Pain is in the nature of a nervous and physical recoil from a dangerous or harmful contact; it is a part of what the Upanishad calls jugupsa, the shrinking of the limited being from that which is not himself and not sympathetic or in harmony with himself, its impulse of self-defence against “others”. It is, from this point of view, an indication by Nature of that which has to be avoided or, if not successfully avoided, has to be remedied.
Pain is the nervous and physical recoil (moving away) from a dangerous or harmful contact. It is a part of what Upanishad calls jugupsa (shrinking from a harmful contact).
Man is a limited being. Instinctively he shrinks from everything which is not himself, not in harmony or sympathy with himself. This impulse is the means of his self-defence against others. It is the Nature’s way of indicating what is to be avoided; or if not avoided what can be remedied.
So, in the beginning till the consciousness grows, it is nature’s way of making the person feel a pleasure or pain in order to alert him that a particular experience or a particular movement is favourable or not favourable, till the mind becomes free and can judge for itself independently the outer impacts.
It does not come into being in the purely physical world so long as life does not enter into it; for till then mechanical methods are sufficient. Its office begins when life with its frailty and imperfect possession of Matter enters on the scene; it grows with the growth of Mind in life. Its office continues so long as Mind is bound in the life and body which it is using, dependent upon them for its knowledge and means of action, subjected to their limitations and to the egoistic impulses and aims which are born of those limitations.
In the physical world where matter is only involved, pain is not required as a natural means of defence. There are mechanical means present in nature for self-preservation. For example, banks are formed on the sides of the river which serve as its protection.

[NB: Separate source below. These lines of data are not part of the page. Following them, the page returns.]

(* Let $G$ be an $(n,n,p_s,p_d)$-two-island network with groups $V_1,V_2$ and degree of homophily $h_G=p_s/p_d$, and let the dual opinions evolve according to the dynamics in the context with common resilience $\phi\in(0,1)$, common bias $b$ with $\frac{2}{\phi(h_G-1)+2}<b<1$, and the symmetric initial condition $x_i(0)=x_0\in(\tfrac12,1)$, $y_i(0)=y_0\in[\tfrac12,x_0]$ for $i\in V_1$, $x_j(0)=1-x_0$, $y_j(0)=1-y_0$ for $j\in V_2$. Let $i\in V_1$. If there exists $T>0$ such that $\hat x(\phi,h_G,b)\le x_i(t)<\hat x(1,h_G,b)$ for all $t\ge T$, then there exists $\mathcal T>T$ such that $x_i(t)$ and $y_i(t)$ are monotonic for $t\ge\mathcal T$, and $$\lim_{t\to\infty}x_i(t)=\hat x(\phi,h_G,b),\qquad \lim_{t\to\infty}y_i(t)=\frac{\phi(h_G+1)\hat x(\phi,h_G,b)+1-\phi}{\phi h_G+2-\phi}.$$
   Context: Let $n\ge 1$ and $p_s,p_d\in(0,1)$ with $p_s>p_d$ and $np_s,np_d$ positive integers. An $(n,n,p_s,p_d)$-two-island network is an undirected graph (no self-loops) with vertex set $V=V_1\cup V_2$, $V_1\cap V_2=\emptyset$, $|V_1|=|V_2|=n$, such that each node of $V_1$ has exactly $np_s$ neighbours in $V_1$ and $np_d$ neighbours in $V_2$, and each node of $V_2$ has exactly $np_s$ neighbours in $V_2$ and $np_d$ neighbours in $V_1$. Its degree of homophily is $h_G=p_s/p_d>1$. Let $w_{ij}\in\{0,1\}$ be the adjacency matrix, $N_i$ the set of neighbours of $i$, and $d_i=\sum_{j\in N_i}w_{ij}$. Dual opinions dynamics: each $i\in V$ has $x_i(t),y_i(t)\in[0,1]$, $t=0,1,2,\dots$, updated by $$x_i(t+1)=\frac{x_i(t)^{b}s_i(t)}{x_i(t)^{b}s_i(t)+(1-x_i(t))^{b}(d_i-s_i(t))},\qquad y_i(t+1)=\phi\, x_i(t+1)+(1-\phi)\hat y_{i,avg}(t),$$ with $s_i(t)=\sum_{j\in N_i}w_{ij}y_j(t)$ and $\hat y_{i,avg}(t)=\sum_{j\in N_i}\frac{w_{ij}}{d_i}y_j(t)$. For $0<b<1$ define $g(x,b)=\frac{x^{1-b}-(1-x)^{1-b}}{x(1-x)^{1-b}-(1-x)x^{1-b}}$ for $x\in(\tfrac12,1)$ and $g(\tfrac12,b)=\frac2b-2$. For $\psi\in(0,1]$ with $\frac{2}{\psi(h_G-1)+2}<b<1$, $\hat x(\psi,h_G,b)$ denotes the unique solution $x\in(\tfrac12,1)$ of $g(x,b)=\psi(h_G-1)$ (in particular $\hat x(1,h_G,b)$ solves $g(x,b)=h_G-1$). *)

From HB Require Import structures.
From mathcomp Require Import all_boot all_order all_algebra.
From mathcomp Require Import all_classical all_reals all_analysis.
Set Implicit Arguments. Unset Strict Implicit. Unset Printing Implicit Defensive.
Import Order.TTheory GRing.Theory Num.Theory.
Local Open Scope classical_set_scope.
Local Open Scope ring_scope.

Definition two_island (R : realType) (T : finType) (e : rel T) (V1 : {set T})
    (n : nat) (ps pd : R) : Prop :=
  (1 <= n)%N /\ 0 < pd /\ pd < ps /\ ps < 1 /\
      (exists ks : nat, (0 < ks)%N /\ n%:R * ps = ks%:R) /\
      (exists kd : nat, (0 < kd)%N /\ n%:R * pd = kd%:R) /\
      #|V1| = n /\ #|~: V1| = n /\
      (forall i j, e i j = e j i) /\ (forall i, ~~ e i i) /\
      (forall i, (#|[set j in V1 | e i j]|%:R : R) =
                   (if i \in V1 then n%:R * ps else n%:R * pd)
               /\ (#|[set j in ~: V1 | e i j]|%:R : R) =
                   (if i \in V1 then n%:R * pd else n%:R * ps)).

Definition w (R : realType) (T : finType) (e : rel T) (i j : T) : R := (e i j)%:R.
Definition deg (R : realType) (T : finType) (e : rel T) (i : T) : R :=
  \sum_(j | e i j) w R e i j.
(* For all integers $n\geq 0$, \[ \sum_{k=0}^{\lfloor (n+1)/2\rfloor}(-1)^k\frac{\binom{2(n-k)}{n-k}}{\binom nk}\frac{(n+1-2k)_{2k}}{(k!)^2}=2^n \] and \[ \sum_{k=0}^{\lfloor (n+1)/2\rfloor}(-1)^k\frac{\binom{2(n-k)}{n-k}}{\binom nk}\frac{(n+1-2k)_{2k}}{(k!)^2}O_{n-k}=2^nH_n. \]
   Context: $(\lambda)_m=\lambda(\lambda+1)\cdots(\lambda+m-1)$ with $(\lambda)_0=1$ is the Pochhammer symbol. $H_n=\sum_{j=1}^n\frac1j$ ($H_0=0$) and $O_n=\sum_{j=1}^n\frac1{2j-1}$ ($O_0=0$). Terms with $k>n$ vanish because of the factor $(n+1-2k)_{2k}=0$ (by convention such terms are $0$; this only occurs for $n=0$... not at all, since $\lfloor (n+1)/2\rfloor\le n$ for $n\ge1$ and the sum is the single term $k=0$ for $n=0$). *)

From mathcomp Require Import all_boot all_order all_algebra.
Set Implicit Arguments. Unset Strict Implicit. Unset Printing Implicit Defensive.
Import Order.TTheory GRing.Theory Num.Theory.
Local Open Scope ring_scope.

Definition pochhammer (x : rat) (m : nat) : rat :=
  \prod_(i < m) (x + i%:R).

Definition harmonic (n : nat) : rat :=
  \sum_(1 <= j < n.+1) (j%:R)^-1.

Definition oddharmonic (n : nat) : rat :=
  \sum_(1 <= j < n.+1) (2 * j%:R - 1)^-1.

Definition thm11_term (n k : nat) : rat :=
  (-1) ^+ k * ('C(2 * (n - k), n - k)%:R / 'C(n, k)%:R)
  * (pochhammer (n%:R + 1 - (2 * k)%:R) (2 * k) / (k`!%:R) ^+ 2).

From mathcomp Require Import all_boot all_order all_algebra.
From mathcomp Require Import ring zify.
Set Implicit Arguments. Unset Strict Implicit. Unset Printing Implicit Defensive.
Import Order.TTheory GRing.Theory Num.Theory.
Local Open Scope ring_scope.

(* After cancelling factorials the k-th summand is
   (-1)^k C(n-k, k) C(2(n-k), n-k), so both sums are values at n of the
   transform  T u n = sum_m (-1)^(n-m) C(m, n-m) u m  applied to the central
   binomial coefficients c m = C(2m, m) and to c O.  A binomial identity yields
   (n+1) T u (n+1) - 2n T u n = T (D u) n  with  D u m = (m+1) u (m+1) - 4m u m.
   Now D c = 2 c and D (c O) = 2 c O + 2 c, hence T c (n+1) = 2 T c n and
   T (c O) (n+1) = 2 T (c O) n + 2^(n+1) / (n+1), which give 2^n and 2^n H_n. *)

Lemma binom_diag_rec (m k : nat) :
  ((m.+1 + k).+1 * 'C(m.+1, k.+1) + 2 * (m.+1 + k) * 'C(m.+1, k) =
   m.+1 * 'C(m, k.+1) + 4 * m.+1 * 'C(m.+1, k))%N.
Proof.
have shift_low := mul_bin_left m.+1 k.
have shift_top := mul_bin_down m.+1 k.+1; rewrite /= in shift_top.
rewrite shift_top.
have [le_km | lt_mk] := leqP k m.+1; first by nia.
by rewrite !bin_small ?muln0 // ltnW.
Qed.

Section DiagonalTransform.
Variable R : comPzRingType.

Definition diag_coef (n m : nat) : R :=
  if (m <= n)%N then (-1) ^+ (n - m) * 'C(m, n - m)%:R else 0.

Definition diag_transform (u : nat -> R) (n : nat) : R :=
  \sum_(0 <= m < n.+1) diag_coef n m * u m.

Definition diag_lowering (u : nat -> R) (m : nat) : R :=
  m.+1%:R * u m.+1 - (4 * m)%:R * u m.

Lemma diag_coef_gt n m : (n < m)%N -> diag_coef n m = 0.
Proof. by rewrite /diag_coef ltnNge => /negbTE ->. Qed.

Lemma diag_coef_rec n m :
  n.+1%:R * diag_coef n.+1 m - (2 * n)%:R * diag_coef n m
  = m%:R * diag_coef n m.-1 - (4 * m)%:R * diag_coef n m.
Proof.
case: m => [|m].
  rewrite /diag_coef !mul0r subr0 !subn0 /=.
  by case: n => [|n]; rewrite !bin0n /=; ring.
have [lt_nm | le_mn] := ltnP n m.
  have lt_nSm : (n < m.+1)%N by exact: ltnW.
  by rewrite !diag_coef_gt // !mulr0 subrr.
move: le_mn; rewrite leq_eqVlt => /predU1P[<- | lt_mn].
  by rewrite /diag_coef /= ltnn !subnn !bin0 ifT // !mulr0 !subr0.
have [k ->] : exists k, n = (m.+1 + k)%N by exists (n - m.+1)%N; lia.
rewrite /diag_coef /= !ifT; try lia.
have -> : ((m.+1 + k).+1 - m.+1 = k.+1)%N by lia.
have -> : (m.+1 + k - m = k.+1)%N by lia.
rewrite addKn !exprS.
transitivity (- (-1) ^+ k * ((m.+1 + k).+1 * 'C(m.+1, k.+1)
                            + 2 * (m.+1 + k) * 'C(m.+1, k))%:R : R); first ring.
by rewrite binom_diag_rec; ring.
Qed.

Lemma diag_transform_rec u n :
  n.+1%:R * diag_transform u n.+1 - (2 * n)%:R * diag_transform u n
  = diag_transform (diag_lowering u) n.
Proof.
have extend : diag_transform u n = \sum_(0 <= m < n.+2) diag_coef n m * u m.
  by rewrite big_nat_recr //= diag_coef_gt // mul0r addr0.
rewrite extend !mulr_sumr -sumrB.
under eq_bigr do rewrite mulrA mulrA -mulrBl diag_coef_rec mulrBl.
rewrite sumrB /diag_transform /diag_lowering.
under [RHS]eq_bigr do rewrite mulrBr.
rewrite sumrB; congr (_ - _).
  rewrite big_nat_recl //= mulr0n !mul0r add0r.
  by apply: eq_bigr => m _; ring.
rewrite big_nat_recr //= diag_coef_gt // mulr0 mul0r addr0.
by apply: eq_bigr => m _; ring.
Qed.

Lemma eq_diag_transform u v n : u =1 v -> diag_transform u n = diag_transform v n.
Proof. by move=> eq_uv; apply: eq_bigr => m _; rewrite eq_uv. Qed.

Lemma diag_transformD u v n :
  diag_transform (fun m => u m + v m) n = diag_transform u n + diag_transform v n.
Proof. by rewrite -big_split; apply: eq_bigr => m _; rewrite mulrDr. Qed.

Lemma diag_transformZ a u n :
  diag_transform (fun m => a * u m) n = a * diag_transform u n.
Proof. by rewrite mulr_sumr; apply: eq_bigr => m _; ring. Qed.

Lemma diag_transform0 u : diag_transform u 0 = u 0.
Proof. by rewrite /diag_transform big_nat1 /diag_coef subnn bin0 mulr1 mul1r. Qed.

End DiagonalTransform.

Definition central_binom (m : nat) : rat := 'C(m.*2, m)%:R.

Lemma mul_central_binS m :
  (m.+1 * 'C((m.+1).*2, m.+1) = 2 * m.*2.+1 * 'C(m.*2, m))%N.
Proof.
have diag1 := mul_bin_diag m.*2.+2 m.
have diag2 := mul_bin_diag m.*2.+1 m.
have sym : 'C(m.*2.+1, m) = 'C(m.*2.+1, m.+1).
  by rewrite -[in RHS]bin_sub; [congr binomial|]; lia.
rewrite /= in diag1 diag2.
by rewrite doubleS -diag1 sym -mulnA diag2; lia.
Qed.

Lemma central_binomS m :
  m.+1%:R * central_binom m.+1 = 2 * (m.*2.+1)%:R * central_binom m.
Proof. by rewrite /central_binom -!natrM mul_central_binS. Qed.

Lemma oddharmonicS m : oddharmonic m.+1 = oddharmonic m + (m.*2.+1)%:R^-1.
Proof.
rewrite /oddharmonic big_nat_recr //=; congr (_ + _^-1).
by rewrite -muln2; ring.
Qed.

Lemma harmonicS n : harmonic n.+1 = harmonic n + n.+1%:R^-1.
Proof. by rewrite /harmonic big_nat_recr. Qed.

Lemma diag_lowering_central_binom m :
  diag_lowering central_binom m = 2 * central_binom m.
Proof. by rewrite /diag_lowering central_binomS -muln2; ring. Qed.

Lemma diag_lowering_central_binom_odd m :
  diag_lowering (fun i => central_binom i * oddharmonic i) m
  = 2 * (central_binom m * oddharmonic m) + 2 * central_binom m.
Proof.
rewrite /diag_lowering [m.+1%:R * _]mulrA central_binomS oddharmonicS -muln2.
by field; rewrite -(natrM _ m 2) nat1r pnatr_eq0.
Qed.

Lemma diag_transform_central_binom n : diag_transform central_binom n = 2 ^+ n.
Proof.
elim: n => [|n IHn]; first by rewrite diag_transform0 /central_binom bin0.
have := diag_transform_rec central_binom n.
rewrite (eq_diag_transform _ diag_lowering_central_binom) diag_transformZ IHn.
move/(canRL (subrK _)) => rec.
apply: (@mulfI _ n.+1%:R); first by rewrite pnatr_eq0.
by rewrite rec exprS; ring.
Qed.

Lemma diag_transform_central_binom_odd n :
  diag_transform (fun m => central_binom m * oddharmonic m) n = 2 ^+ n * harmonic n.
Proof.
elim: n => [|n IHn].
  by rewrite diag_transform0 /oddharmonic /harmonic !big_geq // mulr0.
have := diag_transform_rec (fun m => central_binom m * oddharmonic m) n.
rewrite (eq_diag_transform _ diag_lowering_central_binom_odd).
rewrite diag_transformD !diag_transformZ IHn diag_transform_central_binom.
move/(canRL (subrK _)) => rec.
apply: (@mulfI _ n.+1%:R); first by rewrite pnatr_eq0.
rewrite rec exprS harmonicS.
by field; rewrite nat1r pnatr_eq0.
Qed.

Lemma pochhammerS x j : pochhammer x j.+1 = pochhammer x j * (x + j%:R).
Proof. by rewrite /pochhammer big_ord_recr. Qed.

Lemma fact_pochhammer a j : a`!%:R * pochhammer a.+1%:R j = (a + j)`!%:R.
Proof.
elim: j => [|j IHj]; first by rewrite /pochhammer big_ord0 mulr1 addn0.
by rewrite pochhammerS mulrA IHj addnS factS natrM mulrC -natrD addSn.
Qed.

Lemma fact_neq0 m : m`!%:R != 0 :> rat.
Proof. by rewrite pnatr_eq0 -lt0n fact_gt0. Qed.

Lemma thm11_termE n k : (2 * k <= n.+1)%N ->
  thm11_term n k = (-1) ^+ k * 'C(n - k, k)%:R * central_binom (n - k).
Proof.
move=> le_2k_Sn.
rewrite /thm11_term /central_binom mul2n.
have [le_2k_n | lt_n_2k] := leqP (2 * k) n; last first.
  have n_eq : n.+1 = (2 * k)%N by lia.
  have -> : n%:R + 1 - (2 * k)%:R = 0 :> rat by rewrite natr1 n_eq subrr.
  rewrite (bin_small (_ : n - k < k)%N); last by lia.
  by rewrite -n_eq /pochhammer big_ord_recl /= add0r mulr0n !mul0r !mulr0 mul0r.
have poch : pochhammer (n%:R + 1 - (2 * k)%:R) (2 * k)
            = n`!%:R / (n - 2 * k)`!%:R.
  have -> : n%:R + 1 - (2 * k)%:R = (n - 2 * k).+1%:R :> rat.
    by rewrite natr1 -natrB -?subSn // leqW.
  have := fact_pochhammer (n - 2 * k) (2 * k); rewrite subnK // => <-.
  by rewrite [_ * pochhammer _ _]mulrC mulfK ?fact_neq0.
have binom_fact (a b : nat) : (b <= a)%N ->
    'C(a, b)%:R = a`!%:R / (b`!%:R * (a - b)`!%:R) :> rat.
  move=> le_ba.
  by rewrite -(bin_fact le_ba) !natrM mulfK // mulf_neq0 // fact_neq0.
have le_kn : (k <= n)%N by lia.
have le_k_nk : (k <= n - k)%N by lia.
rewrite poch (binom_fact _ _ le_kn) (binom_fact _ _ le_k_nk).
have -> : (n - 2 * k = n - k - k)%N by lia.
move: (fact_neq0 n) (fact_neq0 k) (fact_neq0 (n - k)) (fact_neq0 (n - k - k)).
move: n`!%:R k`!%:R (n - k)`!%:R (n - k - k)`!%:R => a b c d *.
by field; apply/and4P.
Qed.

Lemma thm11_sumE (w : nat -> rat) n :
  \sum_(0 <= k < (n.+1)./2.+1) thm11_term n k * w (n - k)%N
  = diag_transform (fun m => central_binom m * w m) n.
Proof.
rewrite -divn2.
have le_half : ((n.+1 %/ 2).+1 <= n.+1)%N by lia.
rewrite /diag_transform [RHS]big_nat_rev [RHS](big_cat_nat (leq0n _) le_half).
rewrite [X in _ = _ + X]big_nat_cond [X in _ = _ + X]big1 ?addr0; last first.
  move=> k /andP[/andP[lt_half lt_k] _].
  rewrite add0n subSS /diag_coef ifT; last lia.
  by rewrite bin_small ?mulr0 ?mul0r //; lia.
apply: eq_big_nat => k /andP[_ lt_k].
rewrite thm11_termE; last lia.
rewrite add0n subSS /diag_coef ifT; last lia.
have -> : (n - (n - k) = k)%N by lia.
by rewrite mulrA.
Qed.

Theorem theorem11 (n : nat) :
  \sum_(0 <= k < (n.+1)./2.+1) thm11_term n k = 2 ^+ n
  /\
  \sum_(0 <= k < (n.+1)./2.+1) thm11_term n k * oddharmonic (n - k)
    = 2 ^+ n * harmonic n.
Proof.
split; last by rewrite thm11_sumE diag_transform_central_binom_odd.
have := thm11_sumE (fun _ => 1) n.
under eq_bigr do rewrite mulr1.
move=> ->; rewrite -diag_transform_central_binom.
by apply: eq_diag_transform => m; rewrite mulr1.
Qed.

Whereas self-defence of shrinking begins with the entry of life forms in the physical world. Because life is fragile and it is not in full possession of Matter on which it depends for its survival. The phenomenon of pain grows with the growth of Mind in life.
The necessity of pain continues as long as Mind is bound in the life and body which it is using. It depends on them for knowledge and means of action. Mind is subjected to the limitations of body and life and to the egoistic impulses and the aims arising out of such limitations.
But if and when Mind in man becomes capable of being free, unegoistic, in harmony with all other beings and with the play of the universal forces, the use and office of suffering diminishes, its raison d’ˆetre must finally cease to be and it can only continue as an atavism of Nature, a habit that has survived its use, a persistence of the lower in the as yet imperfect organisation of the higher. Its eventual elimination must be an essential point in the destined conquest of the soul over subjection to Matter and egoistic limitation in Mind.
When Mind becomes free, unegoistic, strikes harmony with all other beings and with universal forces, the necessity of suffering diminishes. When one develops in the heart a oneness with the cosmic or universal existence, no contact from outside can be painful, no contact can be harmful. Then the reason for existence of suffering must finally cease to be. It can only continue as a mere recurrence of the past; as a habit which has outlived its purpose. It can only remain as a persistence of the lower organisation in the higher organisation which is not fully developed.
The final elimination of suffering will be the essential point in the destined victory of the soul over the domination of matter and the egoistic limitation in Mind.